Recall is a measure of how many actual churners were predicted to churn, with a similar objective range to precision. If recall is 75% it means one quarter of all churners were missed, an opportunity lost. However three quarters of churners were captured, with the potential to deliver huge revenue gains. Even low recall rates are typically better than the scattergun approach to churn often employed by companies.
Feature importance
With predictive modelling our end goal is to produce a score for each customer that encapsulates all the model inputs into a single actionable value. However, we’re always interested to know what customer features have most influenced those values at a business-wide level.
It’s important to note that we’re not looking for surprises here - the more explicable the results of feature importance, the more confidence we can have in the model. The magnitude and ordering of features though, usually provides some interesting insights and can challenge preconceptions of what matters most to customers.
Below is a generalised feature importance chart from the model, with the actual features masked for privacy purposes.
Scoring & segmentation
The final stage of the model build is to score and segment the customer base. Each customer is assigned a precise churn propensity score, but a higher level score is also typically applied based on observable customer segments. The segmented scoring system used can be tailored to the intended marketing strategies to be deployed, and should support straightforward and fast decision-making by non-scientific users.

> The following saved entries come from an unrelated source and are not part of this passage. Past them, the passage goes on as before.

Lemma sumr_weighted_telescope_le c a A K : (forall k, 0 <= a k <= A) ->
  (forall k, c k <= c k.+1) -> (forall k, 0 <= c k) ->
  \sum_(k < K.+1) c k * (a k - a k.+1) <= c K * A.
Proof.
move=> a_bnd c_incr c_ge0.
suff : \sum_(k < K.+1) c k * (a k - a k.+1) + c K * a K.+1 <= c K * A.
  by have := mulr_ge0 (c_ge0 K) (andP (a_bnd K.+1)).1; lra.
elim: K => [|K IH].
  by rewrite big_ord_recr big_ord0 /= add0r -mulrDr subrK ler_wpM2l // (andP (a_bnd 0%N)).2.
rewrite big_ord_recr /=.
have : (c K.+1 - c K) * a K.+1 <= (c K.+1 - c K) * A.
  by rewrite ler_wpM2l ?subr_ge0 // (andP (a_bnd _)).2.
lra.
Qed.

Lemma powR_diff_ge b (j : R) : 0 < b -> b < 1 -> 1 <= j ->
  (1 - b) / j `^ b <= j `^ (1 - b) - (j - 1) `^ (1 - b).
Proof.
move=> b_gt0 b_lt1 j_ge1.
have j_gt0 : 0 < j by lra.
have jb_gt0 : 0 < j `^ b by rewrite powR_gt0.
(* Young's inequality with exponents [1/(1-b)] and [1/b] *)
have := @conjugate_powR R ((j - 1) `^ (1 - b)) (j `^ b) (1 - b)^-1 b^-1
  (powR_ge0 _ _) (powR_ge0 _ _) ltac:(rewrite invr_gt0; lra) ltac:(by rewrite invr_gt0)
  ltac:(rewrite !invrK; lra).
rewrite -!powRrM !mulfV ?gt_eqF ?subr_gt0 // !invrK !powRr1 ?subr_ge0 ?(ltW j_gt0) // => young.
rewrite powR1B // -[X in _ <= _ - X](mulfK (lt0r_neq0 jb_gt0)) -mulrBl ler_pM2r ?invr_gt0 //.
lra.
Qed.

Lemma sum_inv_powR_le b K : 0 < b -> b < 1 ->
  \sum_(k < K) (k.+1%:R `^ b)^-1 <= K%:R `^ (1 - b) / (1 - b).
Proof.
move=> b_gt0 b_lt1; have b1_gt0 : 0 < 1 - b by lra.
elim: K => [|K IH]; first by rewrite big_ord0 divr_ge0 ?powR_ge0 // ltW.
have := @powR_diff_ge b K.+1%:R b_gt0 b_lt1 ltac:(by rewrite ler1n).
rewrite -natr1 addrK natr1 => step.
have : (K.+1%:R `^ b)^-1 <= (K.+1%:R `^ (1 - b) - K%:R `^ (1 - b)) / (1 - b).
  by rewrite ler_pdivlMr // mulrC.
move: IH; rewrite big_ord_recr /= !mulrBl; lra.
Qed.

Lemma div_powR_nonincreasing (a b : R) : 0 <= a -> 0 <= b ->
  {homo (fun k : nat => a / k.+1%:R `^ b) : i j / (i <= j)%N >-> j <= i}.
Proof.
move=> a_ge0 b_ge0 i j ij /=.
rewrite ler_wpM2l // lef_pV2 ?posrE ?powR_gt0 // ge0_ler_powR ?nnegrE ?ler0n //.
by rewrite ler_nat.
Qed.

Lemma div_powR_le (a b : R) k : 0 <= a -> 0 <= b -> a / k.+1%:R `^ b <= a.
Proof.
move=> a_ge0 b_ge0; rewrite ler_pdivrMr ?powR_gt0 // ler_peMr //.
by rewrite -[X in X <= _](powRr0 k.+1%:R) ler_powR ?ler1n.
Qed.

Lemma step_size_le (LF LH gamma c c0 : R) : 0 <= c <= c0 ->
  gamma ^+ 2 * (LF ^+ 2 + c0 ^+ 2 * LH ^+ 2) <= 2^-1 ->
  gamma ^+ 2 * (LF ^+ 2 + c ^+ 2 * LH ^+ 2) <= 2^-1.
Proof.
move=> /andP[c_ge0 c_le]; apply: le_trans.
by rewrite ler_wpM2l ?sqr_ge0 // lerD2l ler_wpM2r ?sqr_ge0 // lerXn2r ?nnegrE ?(le_trans c_ge0).
Qed.

Lemma natr_gt0_of_powR2_le (c : R) K : 0 <= c -> 2 `^ c <= K%:R -> (0 < K)%N.
Proof.
move=> c_ge0 K_ge; rewrite -(ler1n R); apply: le_trans K_ge.
by rewrite -[X in X <= _](powRr0 2) ler_powR ?ler1n.
Qed.

End RealSequences.

Section Extragradient.
Variables (R : realType) (n : nat) (X : set 'rV[R]_n) (M : R).
Variables (F H : 'rV[R]_n -> 'rV[R]_n) (LF LH gamma : R) (eta : nat -> R).
Variables (x y : nat -> 'rV[R]_n).
Hypotheses (X_convex : vi_convex_set X) (X_bounded : forall z, X z -> nrm z <= M).
Hypotheses (F_lip : vi_lipschitz_on X F LF) (F_mono : vi_monotone_on X F).
Hypotheses (H_lip : vi_lipschitz_on X H LH) (H_mono : vi_monotone_on X H).
Hypothesis SOL_neq0 : vi_SOL X F !=set0.
Hypotheses (gamma_gt0 : 0 < gamma) (eta_gt0 : forall k, 0 < eta k).
Hypothesis x0_in : X (x 0%N).
Hypothesis y_proj :
  forall k, vi_is_proj X (x k - gamma *: (F (x k) + eta k *: H (x k))) (y k.+1).
Hypothesis x_proj :
  forall k, vi_is_proj X (x k - gamma *: (F (y k.+1) + eta k *: H (y k.+1))) (x k.+1).
Hypothesis step_size : forall k, gamma ^+ 2 * (LF ^+ 2 + eta k ^+ 2 * LH ^+ 2) <= 2^-1.

Local Notation S := (vi_SOL X F).

Lemma x_in k : X (x k).
Proof. by elim: k => // k _; exact: (x_proj k).1. Qed.

Lemma y_in k : X (y k.+1).
Proof. exact: (y_proj k).1. Qed.

Lemma regularized_step_lipschitz c u v : X u -> X v ->
  gamma ^+ 2 * (LF ^+ 2 + c ^+ 2 * LH ^+ 2) <= 2^-1 ->
  dot (gamma *: (F u + c *: H u) - gamma *: (F v + c *: H v))
      (gamma *: (F u + c *: H u) - gamma *: (F v + c *: H v)) <= dot (u - v) (u - v).
Proof.
move=> Xu Xv c_step.
have -> : gamma *: (F u + c *: H u) - gamma *: (F v + c *: H v)
    = gamma *: ((F u - F v) + c *: (H u - H v)).
  by apply/rowP => i; rewrite !mxE; ring.
have lipF := lipschitz_dotv_le F_lip Xu Xv; have lipH := lipschitz_dotv_le H_lip Xu Xv.
have Q_ge0 := dotvv_ge0 (u - v); set Q := dot (u - v) (u - v) in lipF lipH Q_ge0 *.
have sum_le := dotvD_le (F u - F v) (c *: (H u - H v)).
rewrite dotvZl dotvZr mulrA -expr2 in sum_le.
have : c ^+ 2 * dot (H u - H v) (H u - H v) <= c ^+ 2 * (LH ^+ 2 * Q).
  by rewrite ler_wpM2l ?sqr_ge0.
move=> lipcH; rewrite dotvZl dotvZr mulrA -expr2.
apply: le_trans (_ : gamma ^+ 2 * (2 * ((LF ^+ 2 + c ^+ 2 * LH ^+ 2) * Q)) <= _).
  by rewrite ler_wpM2l ?sqr_ge0 //; lra.
by rewrite mulrCA mulrA [X in X <= _]mulrA -[leRHS]mul1r ler_wpM2r //; lra.
Qed.

Lemma descent_ineq k z : X z ->
  2 * gamma * (dot (F (y k.+1)) (y k.+1 - z) + eta k * dot (H (y k.+1)) (y k.+1 - z))
  <= dot (x k - z) (x k - z) - dot (x k.+1 - z) (x k.+1 - z).
Proof.
move=> Xz; have lip := regularized_step_lipschitz (y_in k) (x_in k) (step_size k).
rewrite [leRHS]dotvB_sym in lip.
have := extragradient_proj_ineq X_convex (y_proj k) (x_proj k) Xz lip.
by rewrite dotvZl dotvDl dotvZl mulrA.
Qed.
Lemma transfer_inverse {c c' : Ob C} (g : Hom c' c) gi (k : Hom c (d c)) :
  inverse_pair g gi -> transfer gi (transfer g k) = k.
Proof.
  intros [_ Hg]. unfold transfer. assoc_right.
  chain_rewrite <- (dM_compE gi g). now rewrite Hg, dM_idm, idm_comp, comp_idm.
Qed.
End AntiInvolution.

Section DualPairing.
Context {C : CatData} {HC : CatLaws C} {M : SMData C} {HM : SMLaws M}
  {A : AntiInv M} {HA : AntiInvLaws A} {D : DualData M} {HD : DualLaws D}.
Local Notation "x ⊗ y" := (tens M x y) (at level 30, right associativity).
Local Notation "f ⊗m g" := (tensm M f g) (at level 30, right associativity).
Local Notation I := (munit M).
Local Notation d := (dO A).
Local Notation dm := (dM A).
Local Notation "x ^*" := (dual D x) (at level 8).

(** With [tensm_coev_inj], this characterizes the dual pairing of [h]. *)
Lemma tensm_dual_pairing_coev {c : Ob C} (h : Hom c (d c)) hi :
  hi ∘ dualm D h = idm _ -> (h ⊗m (kappa A D c ∘ hi)) ∘ coev D c = coev_d A D c.
Proof.
  intro Hhi. rewrite (tensm_split_rl h), tensm_comp_r. assoc_right.
  rewrite <- (whisker_transpose_coev ((h ⊗m idm (c^*)) ∘ coev D c) (zigzag_obj_chosen (d c))).
  rewrite <- dualm_transpose, (tensm_comp_r_chain (dualm D h) hi), Hhi, tensm_idm, idm_comp.
  apply (whisker_transpose_coev _ (zigzag_obj_chosen (d c))).
Qed.

(** [(ki ⊗ hinv) ∘ chi^-1 ∘ d(ev_c) ∘ chi0] is the dagger of [ev_c] for the pairing [h]
    on [c] and its dual pairing on [c^*]. *)
Lemma sigma_ev_adjoint_dual_pairing {c : Ob C} (h : Hom c (d c)) hinv hi ki :
  inverse_pair h hinv -> hi ∘ dualm D h = idm _ -> inverse_pair (kappa A D c ∘ hi) ki ->
  sigma M (c^*) c ∘ ((ki ⊗m hinv) ∘ chi_inv A (c^*) c ∘ dm (ev D c) ∘ chi0 A) = coev D c.
Proof.
  intros [Hh _] Hhi [Hk _].
  assoc_right. chain_rewrite (sigma_natural ki hinv).
  assert (Hcoev_d : coev_d A D c
                    = sigma M (d (c^*)) (d c) ∘ (chi_inv A (c^*) c ∘ (dm (ev D c) ∘ chi0 A))).
  { unfold coev_d. now assoc_right. }
  rewrite <- Hcoev_d, <- (tensm_dual_pairing_coev Hhi).
  now rewrite compA, tensm_merge, Hh, Hk, tensm_idm, idm_comp.
Qed.

(** Conversely, if [e] and the symmetry composed with its dagger form a duality,
    then [k] is a transfer of the dual pairing of [h]. *)
Lemma dagger_duality_dual_pairing {b c : Ob C} (h : Hom c (d c)) hinv (k : Hom b (d b)) ki
    (e : Hom (b ⊗ c) I) hi :
  inverse_pair h hinv -> inverse_pair k ki -> hi ∘ dualm D h = idm _ ->
  is_duality e (sigma M b c ∘ ((ki ⊗m hinv) ∘ chi_inv A b c ∘ dm e ∘ chi0 A)) ->
  exists g : Hom b (c^*), is_iso g /\ k = transfer g (kappa A D c ∘ hi).
Proof.
  intros Hh Hk Hhi Hdual.
  destruct (chosen_dual_iso Hdual) as [phi [[psi Hphi] [Hcoev Hev]]].
  assert (Htransfer : (h ⊗m transfer phi k) ∘ coev D c = coev_d A D c).
  { unfold transfer. rewrite <- (comp_idm h) at 1. rewrite <- tensm_merge, <- compA, Hcoev.
    assoc_right. chain_rewrite <- (sigma_natural (dm phi ∘ k) h).
    chain_rewrite (tensm_merge ki (dm phi ∘ k) hinv h). rewrite (proj2 Hk), (proj2 Hh), comp_idm.
    rewrite <- (dM_idm c). chain_rewrite (chi_inv_natural phi (idm c)).
    chain_rewrite <- (dM_compE (phi ⊗m idm c) e). rewrite Hev. unfold coev_d. assoc_right.
    reflexivity. }
  exists psi. split; [exists phi; now apply inverse_pair_sym |].
  rewrite <- (transfer_inverse k Hphi). f_equal.
  apply (tensm_coev_inj (h := h)); [exists hinv; exact Hh |].
  now rewrite Htransfer, tensm_dual_pairing_coev.
Qed.
End DualPairing.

This is a powerful visual which effectively categorises customers of the telco by their risk of churning. From a marketing perspective, it gives an indication of which customer group to target in order to increase the retention rate of customers by the most significant amount within budget parameters.
It makes more sense to target the Persuadables, who are moderately likely churners but are not already out the door (Lost causes), rather than those with a lower risk (Do not disturbs and Sure things), who are unlikely to churn anyway. This means your marketing spend is allocated to the customers who need your attention most!
Conclusion
This churn project will significantly improve the telco’s bottom line if their customer service and marketing tactics are employed effectively. By having a model which scores each customer and identifies the most important features that contribute to churn, the telco’s teams can more efficiently focus their efforts to communicate with and service its customer base.